Collected data entries
═══
(* Let $n\ge 6$ and let $CTG_n$ be the set of chemical tricyclic graphs on $n$ vertices. Define the following subsets of $CTG_n$ (in each, all $m_{i,j}$ not listed are $0$): for $j=0,1,\dots,5$, $\gamma_{9+j}$ is the set of $G\in CTG_n$ with $n_4=0,n_3=4,n_2=n-4,n_1=0$, $m_{2,3}=2+2j$, $m_{3,3}=5-j$, $m_{2,2}=n-5-j$; and $\gamma_{65}$ is the set of $G\in CTG_n$ with $n_4=0,n_3=5,n_2=n-6,n_1=1$, $m_{1,2}=1$, $m_{2,3}=1$, $m_{3,3}=7$, $m_{2,2}=n-7$. Let $G_1\in\gamma_9$, $G_2\in\gamma_{10}$, $G_3\in\gamma_{11}$, $G_4\in\gamma_{12}$, $G_5\in\gamma_{13}$, $G_6\in\gamma_{14}$, $G_7\in\gamma_{65}$, and let $G\in CTG_n$ not belong to $\gamma_9\cup\cdots\cup\gamma_{14}\cup\gamma_{65}$. Then $SO(G_1)<SO(G_2)<SO(G_3)<SO(G_4)<SO(G_5)<SO(G_6)<SO(G_7)<SO(G)$.
   Context: All graphs are simple and connected. A chemical graph is a graph with maximum degree at most $4$; a tricyclic graph is a connected graph with $n$ vertices and $n+2$ edges. $d_G(u)$ is the degree of $u$, $n_i$ the number of vertices of degree $i$, and $m_{i,j}$ the number of edges joining a vertex of degree $i$ to a vertex of degree $j$. The Sombor index is $SO(G)=\sum_{uv\in E(G)}\sqrt{d_G(u)^2+d_G(v)^2}$. *)

From HB Require Import structures.
From mathcomp Require Import all_boot all_order all_algebra.
Set Implicit Arguments. Unset Strict Implicit. Unset Printing Implicit Defensive.
Import Order.TTheory GRing.Theory Num.Theory.

Section Graphs.
Variable n : nat.
Implicit Types (e : rel 'I_n).

Definition simple_graph e : Prop := symmetric e /\ irreflexive e.

Definition connected_graph e : Prop := forall x y : 'I_n, connect e x y.

Definition deg e (u : 'I_n) : nat := #|[pred v | e u v]|.

Definition nedges e : nat :=
  #|[pred p : 'I_n * 'I_n | (p.1 < p.2)%N && e p.1 p.2]|.

Definition chemical e : Prop := forall u : 'I_n, (deg e u <= 4)%N.

Definition CTG e : Prop :=
  [/\ simple_graph e, connected_graph e, nedges e = n + 2 & chemical e].

Definition nv e (i : nat) : nat := #|[pred u | deg e u == i]|.

Definition me e (i j : nat) : nat :=
  #|[pred p : 'I_n * 'I_n | [&& (p.1 < p.2)%N, e p.1 p.2 &
      ((deg e p.1 == i) && (deg e p.2 == j))
      || ((deg e p.1 == j) && (deg e p.2 == i))]]|.

Definition SO (R : rcfType) e : R :=
  \sum_(u : 'I_n) \sum_(v : 'I_n | (u < v)%N && e u v)
     Num.sqrt (((deg e u) ^ 2 + (deg e v) ^ 2)%:R).

(* the pairs (i,j), 1 <= i <= j <= 4, indexing all possible m_{i,j}
   in a chemical graph (degree-0 vertices are impossible in connected
   graphs with n >= 2 vertices, and such m's vanish anyway) *)
Definition mpairs : seq (nat * nat) :=
  [:: (1,1); (1,2); (1,3); (1,4); (2,2); (2,3); (2,4); (3,3); (3,4); (4,4)].

Definition mtable e (vals : seq ((nat * nat) * nat)) : Prop :=
  forall ij, ij \in mpairs ->
    me e ij.1 ij.2 = odflt 0 (omap snd (ohead (filter (fun p => p.1 == ij) vals))).

Definition gamma9 (j : nat) e : Prop :=
  CTG e /\ [/\ nv e 4 = 0, nv e 3 = 4, nv e 2 = n - 4, nv e 1 = 0 &
      mtable e [:: ((2,3), 2 + 2 * j); ((3,3), 5 - j); ((2,2), n - 5 - j)]].

Definition gamma65 e : Prop :=
  CTG e /\ [/\ nv e 4 = 0, nv e 3 = 5, nv e 2 = n - 6, nv e 1 = 1 &
      mtable e [:: ((1,2), 1); ((2,3), 1); ((3,3), 7); ((2,2), n - 7)]].

End Graphs.

(* Put s = sqrt 2 and delta(i, j) = sqrt (i^2 + j^2) - s (i + j) / 2, so that
   delta >= 0 by the QM-AM inequality and delta(i, i) = 0. Summing over the
   edges, SO(G) = s M1 / 2 + sum_ij m_ij delta(i, j), and for a chemical
   tricyclic graph the first Zagreb index is M1 = 4n + 20 + 2K with
   K = 3 n_0 + n_1 + n_4; hence SO(G) = s (2n + 10 + K) + sum_ij m_ij delta(i, j).
   If K = 0 all degrees are 2 or 3, n_3 = 4, and G lies in gamma_{9+j} for
   m_23 = 2j + 2; these classes are ordered because delta(2, 3) > 0. The class
   gamma_65 has value s (2n + 11) + delta(1, 2) + delta(2, 3), and every other
   graph has K >= 2, or K = 1 with a larger excess sum; rational enclosures of
   the few square roots involved settle the comparisons. *)

From HB Require Import structures.
From mathcomp Require Import all_boot all_order all_algebra.
From mathcomp Require Import zify ring lra.
Import Order.TTheory GRing.Theory Num.Theory.

Set Implicit Arguments. Unset Strict Implicit. Unset Printing Implicit Defensive.

Definition deg_pair (i j a b : nat) : bool :=
  (a == i) && (b == j) || (a == j) && (b == i).

Lemma sum_mpairs_deg_pair (V : nmodType) (F : nat -> nat -> V) a b :
  (forall i j, F i j = F j i) -> 0 < a <= 4 -> 0 < b <= 4 ->
  (\sum_(ij <- mpairs) F ij.1 ij.2 *+ deg_pair ij.1 ij.2 a b)%R = F a b.
Proof.
move=> FC; rewrite /mpairs !big_cons big_nil /deg_pair.
by case: a => [|[|[|[|[|a]]]]] // _; case: b => [|[|[|[|[|b]]]]] // _ /=;
  rewrite ?mulr0n ?mulr1n ?add0r ?addr0 // FC.
Qed.

Section SimpleGraph.
Variables (n : nat) (e : rel 'I_n).
Hypotheses (e_sym : symmetric e) (e_irr : irreflexive e).
Local Notation d := (deg e).

Lemma degE u : d u = \sum_v e u v.
Proof. by rewrite /deg -sum1_card big_mkcond; apply: eq_bigr => v _; rewrite inE. Qed.

Lemma deg_gt0 u v : e u v -> 0 < d u.
Proof. by move=> huv; rewrite degE (bigD1 v) //= huv. Qed.

Lemma nvE i : nv e i = \sum_u (d u == i).
Proof. by rewrite /nv -sum1_card big_mkcond; apply: eq_bigr => u _; rewrite inE. Qed.

Lemma meC i j : me e i j = me e j i.
Proof. by apply: eq_card => p; rewrite !inE orbC. Qed.

Lemma meE i j :
  me e i j = \sum_(u : 'I_n) \sum_(v : 'I_n | (u < v) && e u v) deg_pair i j (d u) (d v).
Proof.
rewrite pair_big_dep /= /me -sum1_card big_mkcond [RHS]big_mkcond /=.
by apply: eq_bigr => p _; rewrite inE andbA; case: ((_ < _) && _) => //; case: deg_pair.
Qed.
(* Orthogonal distance d(u, F) = min_{v in F} ||u - v||_2 (written as an
   infimum; the minimum is attained). *)
Definition dist_sub {R : realType} {d m : nat} (u : 'rV[R]_d) (F : 'M[R]_(m, d)) : R :=
  inf [set r : R | exists v : 'rV[R]_d, (v <= F)%MS /\ r = norm2 (u - v)]%classic.

Definition psd {R : realType} {d : nat} (A : 'M[R]_d) : Prop :=
  A^T = A /\ forall v : 'rV[R]_d, 0 <= (v *m A *m v^T) 0 0.

Definition loewner_le {R : realType} {d : nat} (A B : 'M[R]_d) : Prop :=
  psd (B - A).

Definition sdp_feasible {R : realType} {n d : nat} (k : nat)
  (w : 'I_n -> 'rV[R]_d) (X : 'M[R]_d) (t : R) : Prop :=
  (forall i, ((w i) *m X *m (w i)^T) 0 0 <= t) /\
  loewner_le 0 X /\ loewner_le X 1%:M /\ \tr X = (d - k)%:R.

Definition sdp_optimal {R : realType} {n d : nat} (k : nat)
  (w : 'I_n -> 'rV[R]_d) (X : 'M[R]_d) (t : R) : Prop :=
  sdp_feasible k w X t /\
  forall (X' : 'M[R]_d) (t' : R), sdp_feasible k w X' t' -> t <= t'.

(* The orthogonal projector onto the complement of V* is feasible for the SDP
   with value eps^2, hence t* <= eps^2.  As Tr X* = d - k and every eigenvalue
   is at most 1, the ck smallest eigenvalues sum to at least ck - k, and since
   they are sorted, lambda_(ck) >= 1 - 1/c.  The component of w_i orthogonal to
   V' lives on u_(ck), ..., u_d, where X* weighs it by at least 1 - 1/c; as
   w_i^T X* w_i <= t* <= eps^2, its squared length is at most eps^2 c/(c - 1). *)

From HB Require Import structures.
From mathcomp Require Import all_boot all_order all_algebra.
From mathcomp Require Import classical_sets reals.
From mathcomp Require Import ring lra.
Import Order.TTheory GRing.Theory Num.Theory.
Set Implicit Arguments. Unset Strict Implicit. Unset Printing Implicit Defensive.
Local Open Scope ring_scope.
═══
• WHAT YOU SHOULD DO
Lines from the one containing "they are sorted, lambda_(ck)" to the end of the data are to be printed exactly, including the first and last.

• FINISHED EXERCISE
   they are sorted, lambda_(ck) >= 1 - 1/c.  The component of w_i orthogonal to
   V' lives on u_(ck), ..., u_d, where X* weighs it by at least 1 - 1/c; as
   w_i^T X* w_i <= t* <= eps^2, its squared length is at most eps^2 c/(c - 1). *)

From HB Require Import structures.
From mathcomp Require Import all_boot all_order all_algebra.
From mathcomp Require Import classical_sets reals.
From mathcomp Require Import ring lra.
Import Order.TTheory GRing.Theory Num.Theory.
Set Implicit Arguments. Unset Strict Implicit. Unset Printing Implicit Defensive.
Local Open Scope ring_scope.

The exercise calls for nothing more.